“Sam Bankman-Fried is the new John Pierpont Morgan– he is bailing out cryptocurrency markets the way the original J. P. Morgan did after the crisis of 1907.”
That’s how Anthony ‘The Mooch’ Scaramucci, the frankly hilarious yet short-lived White House Communications Director under Donald Trump described the FTX and Alameda Research head, known online as SBF, in June.
The comparison wasn’t missed by Bloomberg either, who in July wrote:
"Just like other financial barons before (SBF) – John Pierpont Morgan a century ago and Warren Buffett in modern times – he’s exploiting the bad fortune of rivals to expand his empire on the cheap."
Exploiting is a pretty harsh word and to be fair, SBF is far from the only major investor in the crypto space to be buying the dip.
Singapore fund Temasek just joined Sandbox developer Animoca Brands in a US$100mln funding round, while Silicon Valley firm Andreessen Horowitz launched a US$4.5bn crypto fund bank in May.
But where SBF diverges is in his insistence in offering to buy up – sorry help – distressed assets in the space, from big-hitters like Voyager and BlockFi, to lesser known enterprises like Japanese exchange Liquid Group, Canadian exchange Bitvo, and even some Bitcoin miners.

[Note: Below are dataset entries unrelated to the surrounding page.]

(* Assume the Cartan matrix $\mathbf C$ is symmetric, and let $i\in I'$. Then we can write $\Lambda_0-\delta+\alpha_i=w(i)\Lambda_0$ for a unique $\Lambda_0$-minuscule element $w(i)\in W$.
   Context: $\mathbf C=(c_{ij})_{i,j\in I}$ is a Cartan matrix of untwisted affine type, $I=\{0,1,\dots,l\}$, $0$ the affine vertex, $I'=I\setminus\{0\}$; $(\mathfrak h,\Pi,\Pi^\vee)$ a realization with simple roots $\alpha_i$, coroots $\alpha_i^\vee$, pairing $\langle\cdot,\cdot\rangle$, $\delta$ the null root. $\Lambda_i$ ($i\in I$) are the fundamental weights, $\langle\Lambda_i,\alpha_j^\vee\rangle=\delta_{ij}$, and $P=\bigoplus\mathbb Z\Lambda_i$. $W$ is the affine Weyl group generated by $r_i$, acting by $r_i(\lambda)=\lambda-\langle\lambda,\alpha_i^\vee\rangle\alpha_i$. For $\Lambda\in P$, $w\in W$ is $\Lambda$-minuscule if it has a reduced expression $w=r_{i_l}\cdots r_{i_1}$ with $\langle r_{i_{k-1}}\cdots r_{i_1}\Lambda,\alpha_{i_k}^\vee\rangle=1$ for all $1\le k\le l$. *)

From HB Require Import structures.
From mathcomp Require Import all_boot all_order all_algebra.
Set Implicit Arguments. Unset Strict Implicit. Unset Printing Implicit Defensive.
Import Order.TTheory GRing.Theory Num.Theory.
Local Open Scope ring_scope.

(* Index set I = 'I_n (n = l+1), the affine vertex is ord0 : 'I_(l.+1). *)

(** Generalized Cartan matrix (Kac, §1.1). Convention c_ij = <alpha_j, alpha_i^vee>. *)
Definition is_GCM n (C : 'M[int]_n) : Prop :=
  [/\ forall i, C i i = 2,
      forall i j, i != j -> C i j <= 0 &
      forall i j, (C i j == 0) = (C j i == 0)].

Definition indecomposable n (C : 'M[int]_n) : Prop :=
  forall J : {set 'I_n}, J != set0 -> J != setT ->
    exists j, exists k, [/\ j \in J, k \notin J & C j k != 0].

Definition ratmx m n (C : 'M[int]_(m, n)) : 'M[rat]_(m, n) :=
  map_mx (fun z : int => z%:~R) C.

(** Affine type, Kac's definition (Aff) (Thm 4.3), for an indecomposable GCM. *)
Definition affine_type n (C : 'M[int]_n) : Prop :=
  [/\ is_GCM C, indecomposable C,
      \rank (ratmx C) = n.-1,
      (exists u : 'cV[rat]_n, (forall i, 0 < u i 0) /\ ratmx C *m u = 0) &
      (forall v : 'cV[rat]_n, (forall i, 0 <= (ratmx C *m v) i 0) ->
          ratmx C *m v = 0)].

(** The standard realization: h has basis {alpha_i^vee (i in I), d}; an
    (integral) element of h^* is recorded by its pairings with this basis:
    lambda = ((<lambda, alpha_i^vee>)_i, <lambda, d>). *)
Definition weight n : Type := ({ffun 'I_n -> int} * int)%type.

Definition pair_cor n (lam : weight n) (j : 'I_n) : int := lam.1 j.

Definition alpha l (C : 'M[int]_l.+1) (j : 'I_l.+1) : weight l.+1 :=
  ([ffun k => C k j], (j == ord0)%:R).

Definition Lambda n (i : 'I_n) : weight n := ([ffun k => (k == i)%:R], 0).

(* null root delta = sum_j a_j alpha_j, a = Kac labels *)
Definition delta l (C : 'M[int]_l.+1) (a : 'I_l.+1 -> int) : weight l.+1 :=
  \sum_j (alpha C j) *~ a j.

Definition refl l (C : 'M[int]_l.+1) (j : 'I_l.+1) (lam : weight l.+1) :
  weight l.+1 := lam - (alpha C j) *~ pair_cor lam j.

(* the word [:: i_m; ...; i_1] acts as r_{i_m} ... r_{i_1} *)
Definition act l (C : 'M[int]_l.+1) (s : seq 'I_l.+1) (lam : weight l.+1) :
  weight l.+1 := foldr (refl C) lam s.

(* W = the group generated by the r_i acting on h^*; its elements are the maps
   act C s.  A word s is a reduced expression of w : h^* -> h^* in W. *)
Definition reduced_expr l (C : 'M[int]_l.+1) (s : seq 'I_l.+1)
  (w : weight l.+1 -> weight l.+1) : Prop :=
  (forall lam, act C s lam = w lam) /\
  (forall t, (forall lam, act C t lam = w lam) -> size s <= size t)%N.

(* for s = [:: i_m; ...; i_1]:  <r_{i_(k-1)} ... r_{i_1} Lam, alpha_{i_k}^vee> = 1
   for all 1 <= k <= m *)
Definition minuscule_word l (C : 'M[int]_l.+1) (Lam : weight l.+1)
  (s : seq 'I_l.+1) : Prop :=
  forall k, (k < size s)%N ->
    pair_cor (act C (drop k.+1 s) Lam) (nth ord0 s k) = 1.

Definition minuscule l (C : 'M[int]_l.+1) (Lam : weight l.+1)
  (w : weight l.+1 -> weight l.+1) : Prop :=
  exists s, reduced_expr C s w /\ minuscule_word C Lam s.

(* Since C is symmetric, roots and coroots share the coordinates of the root
   lattice, on which [(x, y) = x^T C y] is an invariant form.  As [C a = 0] with
   [a > 0], completing squares shows that the form is positive semidefinite
   with radical [Z a]; hence every real root (norm 2) is positive or negative,
   and r_j permutes the positive roots other than alpha_j.

   Existence: write [wt_of b = L0 - delta + b].  If b is a positive root of the
   finite root system (b_0 = 0) other than theta = delta - alpha_0, then
   [<b, alpha_j^vee> = -1] for some j <> 0, and r_j maps [wt_of (b + alpha_j)],
   which pairs to 1 with alpha_j^vee, to [wt_of b].  Descending in this way
   from [wt_of theta = r_0 L0] to [wt_of alpha_i] gives a L0-minuscule word.

   Reducedness: a minuscule word of length m produces m distinct positive roots
   on which the resulting weight is negative, while a word of length m makes a
   dominant weight negative on at most m positive roots.

   Uniqueness: the last reflection r_j of one minuscule word must also occur in
   any other minuscule word with the same value; the reflections applied after
   its last occurrence there only subtract simple roots orthogonal to alpha_j,
   so they commute with r_j, and induction applies. *)

From HB Require Import structures.
From mathcomp Require Import all_boot all_order all_algebra.
From mathcomp Require Import zify ring.
Set Implicit Arguments. Unset Strict Implicit. Unset Printing Implicit Defensive.
Import Order.TTheory GRing.Theory Num.Theory.
Local Open Scope ring_scope.

Section SymmetricAffine.

Variables (l : nat) (C : 'M[int]_l.+1).
Local Notation n := l.+1.
Local Notation vec := {ffun 'I_n -> int}.
Local Notation wt := (weight n).

Hypothesis C_diag : forall i, C i i = 2.
Hypothesis C_sym : forall i j, C i j = C j i.
Hypothesis C_offdiag : forall i j, i != j -> C i j <= 0.

(** * The invariant form *)

Lemma pair_corD (u v : wt) k : pair_cor (u + v) k = pair_cor u k + pair_cor v k.
Proof. by rewrite /pair_cor ffunE. Qed.

Lemma pair_corB (u v : wt) k : pair_cor (u - v) k = pair_cor u k - pair_cor v k.
Proof. by rewrite /pair_cor !ffunE. Qed.

Lemma pair_corMz (u : wt) z k : pair_cor (u *~ z) k = pair_cor u k * z.
Proof. by rewrite /pair_cor raddfMz ffunMzE mulrzz. Qed.

Lemma pair_cor_sum (I : Type) (r : seq I) (F : I -> wt) k :
  pair_cor (\sum_(i <- r) F i) k = \sum_(i <- r) pair_cor (F i) k.
Proof. by rewrite /pair_cor raddf_sum sum_ffunE. Qed.

Lemma pair_cor_alpha j k : pair_cor (alpha C j) k = C k j.
Proof. by rewrite /pair_cor ffunE. Qed.

Lemma pair_cor_Lambda (i k : 'I_n) : pair_cor (Lambda i) k = (k == i)%:R.
Proof. by rewrite /pair_cor ffunE. Qed.

Lemma pair_cor_refl j mu k :
  pair_cor (refl C j mu) k = pair_cor mu k - C k j * pair_cor mu j.
Proof. by rewrite pair_corB pair_corMz pair_cor_alpha mulrC. Qed.

Definition unitv j : vec := [ffun k => (k == j)%:R].

Lemma sum_unitv (F : 'I_n -> int) j : \sum_k unitv j k * F k = F j.
Proof.
rewrite (bigD1 j) //= ffunE eqxx mul1r big1 ?addr0 // => k /negPf kj.
by rewrite ffunE kj mul0r.
Qed.

Definition cmul j (x : vec) : int := \sum_k C j k * x k.

Fact cmul_is_zmod_morphism j : zmod_morphism (cmul j).
Proof.
by move=> x y; rewrite /cmul -sumrB; apply: eq_bigr => k _; rewrite !ffunE mulrBr.
Qed.
HB.instance Definition _ j :=
  GRing.isZmodMorphism.Build vec int (cmul j) (cmul_is_zmod_morphism j).

Lemma cmulMz j x z : cmul j (x *~ z) = cmul j x * z.
Proof. by rewrite raddfMz mulrzz. Qed.

Lemma cmul_unitv j k : cmul k (unitv j) = C k j.
Proof. by rewrite /cmul -(sum_unitv (C k) j); apply: eq_bigr => m _; rewrite mulrC. Qed.

Definition cform (x y : vec) : int := \sum_j x j * cmul j y.

Fact cform_is_zmod_morphism x : zmod_morphism (cform x).
Proof.
by move=> y z; rewrite /cform -sumrB; apply: eq_bigr => j _; rewrite raddfB mulrBr.
Qed.
HB.instance Definition _ x :=
  GRing.isZmodMorphism.Build vec int (cform x) (cform_is_zmod_morphism x).

Lemma cformE x y : cform x y = \sum_j \sum_k x j * C j k * y k.
Proof.
by apply: eq_bigr => j _; rewrite mulr_sumr; apply: eq_bigr => k _; rewrite mulrA.
Qed.

Lemma cformC x y : cform x y = cform y x.
Proof.
rewrite !cformE exchange_big; apply: eq_bigr => j _; apply: eq_bigr => k _.
by rewrite C_sym; ring.
Qed.

Lemma cformMzr x y z : cform x (y *~ z) = cform x y * z.
Proof. by rewrite raddfMz mulrzz. Qed.

Lemma cformDl x y z : cform (x + y) z = cform x z + cform y z.
Proof. by rewrite !(cformC _ z) raddfD. Qed.

Lemma cformBl x y z : cform (x - y) z = cform x z - cform y z.
Proof. by rewrite !(cformC _ z) raddfB. Qed.

Lemma cformMzl x y z : cform (x *~ z) y = cform x y * z.
Proof. by rewrite !(cformC _ y) cformMzr. Qed.

Lemma cform_unitvl j y : cform (unitv j) y = cmul j y.
Proof. exact: sum_unitv. Qed.

Lemma cform_unitvr j y : cform y (unitv j) = cmul j y.
Proof. by rewrite cformC cform_unitvl. Qed.

Lemma cform_unitv j : cform (unitv j) (unitv j) = 2.
Proof. by rewrite cform_unitvl cmul_unitv C_diag. Qed.

Lemma cform_add_unitv x j :
  cform (x + unitv j) (x + unitv j) = cform x x + 2 * cmul j x + 2.
Proof.
by rewrite cformDl !raddfD /= cform_unitvl cform_unitvr cform_unitv; ring.
Qed.

Definition pairing (mu : wt) (x : vec) : int := \sum_k x k * pair_cor mu k.

Fact pairing_is_zmod_morphism mu : zmod_morphism (pairing mu).
Proof.
by move=> x y; rewrite /pairing -sumrB; apply: eq_bigr => k _; rewrite !ffunE mulrBl.
Qed.
HB.instance Definition _ mu :=
  GRing.isZmodMorphism.Build vec int (pairing mu) (pairing_is_zmod_morphism mu).

Lemma pairingBl mu nu x : pairing (mu - nu) x = pairing mu x - pairing nu x.
Proof. by rewrite /pairing -sumrB; apply: eq_bigr => k _; rewrite pair_corB mulrBr. Qed.

Lemma pairingMzl mu z x : pairing (mu *~ z) x = pairing mu x * z.
Proof.
by rewrite /pairing mulr_suml; apply: eq_bigr => k _; rewrite pair_corMz mulrA.
Qed.

Lemma pairingMzr mu x z : pairing mu (x *~ z) = pairing mu x * z.
Proof. by rewrite raddfMz mulrzz. Qed.

Lemma pairing_unitv mu j : pairing mu (unitv j) = pair_cor mu j.
Proof. exact: sum_unitv. Qed.

Lemma pairing_alpha j x : pairing (alpha C j) x = cmul j x.
Proof. by apply: eq_bigr => k _; rewrite pair_cor_alpha C_sym mulrC. Qed.

(* r_j on the root lattice, in the basis of simple roots *)
Definition rrefl j (x : vec) : vec := x - unitv j *~ cmul j x.

Lemma rrefl_neq j x k : k != j -> rrefl j x k = x k.
Proof. by move=> /negPf kj; rewrite !(ffunE, ffunMzE) kj mul0rz subr0. Qed.

Lemma rreflK j : involutive (rrefl j).
Proof.
move=> x; apply/ffunP => k.
by rewrite /rrefl raddfB /= cmulMz cmul_unitv C_diag !(ffunE, ffunMzE) !mulrzz; ring.
Qed.

Lemma pairing_refl j mu x : pairing (refl C j mu) (rrefl j x) = pairing mu x.
Proof.
rewrite /refl /rrefl pairingBl pairingMzl !raddfB /= !pairingMzr pairing_unitv.
by rewrite !pairing_alpha cmul_unitv C_diag; ring.
Qed.

Lemma cform_rrefl j x : cform (rrefl j x) (rrefl j x) = cform x x.
Proof.
rewrite /rrefl cformBl cformMzl !raddfB /= !cformMzr cform_unitvl cform_unitvr.
by rewrite cform_unitv; ring.
Qed.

Not to mention his 7.5% stake in Robinhood (NASDAQ:HOOD) after the hybrid trading platform suffereded over US$3.7bn in losses throughout 2021 (he’s denied having intentions for an outright acquisition).
Hence why the comparisons between JPM and SBF stick; JPM made his name by reorganising large businesses, turning them profitable and gaining significant control as a result.
His most legendary move was financing the industrial consolidations that formed the United States Steel (NYSE:X), International Harvester, and General Electric (NYSE:NYSE:GE), subsequently being credited with rescuing the entire US monetary system.
JPM and his magnificant 'stash – Source: britannica.com
In comparison, for all of SBF’s offers to bailout collapsing crypto ventures, only a few have had any resounding impact.
He called FTX’s US$70mln Voyager bailout money “down the drain” last month, while other credit line offers have been outright rejected.
Furthermore, SBF has distanced himself from the biggest failure of all, Celsius Network, which even he deemed too toxic to go near.
Does all this make him crypto’s biggest altruist? Or is he simply using a market crash to extend his influence over the digital economy?
If you ask him, his companies “have a responsibility to seriously consider stepping in, even if it is at a loss to ourselves, to stem contagion”.
That’s all well and good, but acquiring stakes in major exchanges around the world comes with the added bonus of global operating licences, so the benefits flow both ways if anything.
The fact that we’re comparing two capitalists generations apart should be proof that financial history oft repeats itself, but the comparison skips one crucial element.
Crypto is not the steel industry and centralisation goes against the very core of what crypto is meant to me about.
So one man exerting significant influence over the sector is a contentious prospect to say the least but hey, isn’t that what unfettered free markets are all about?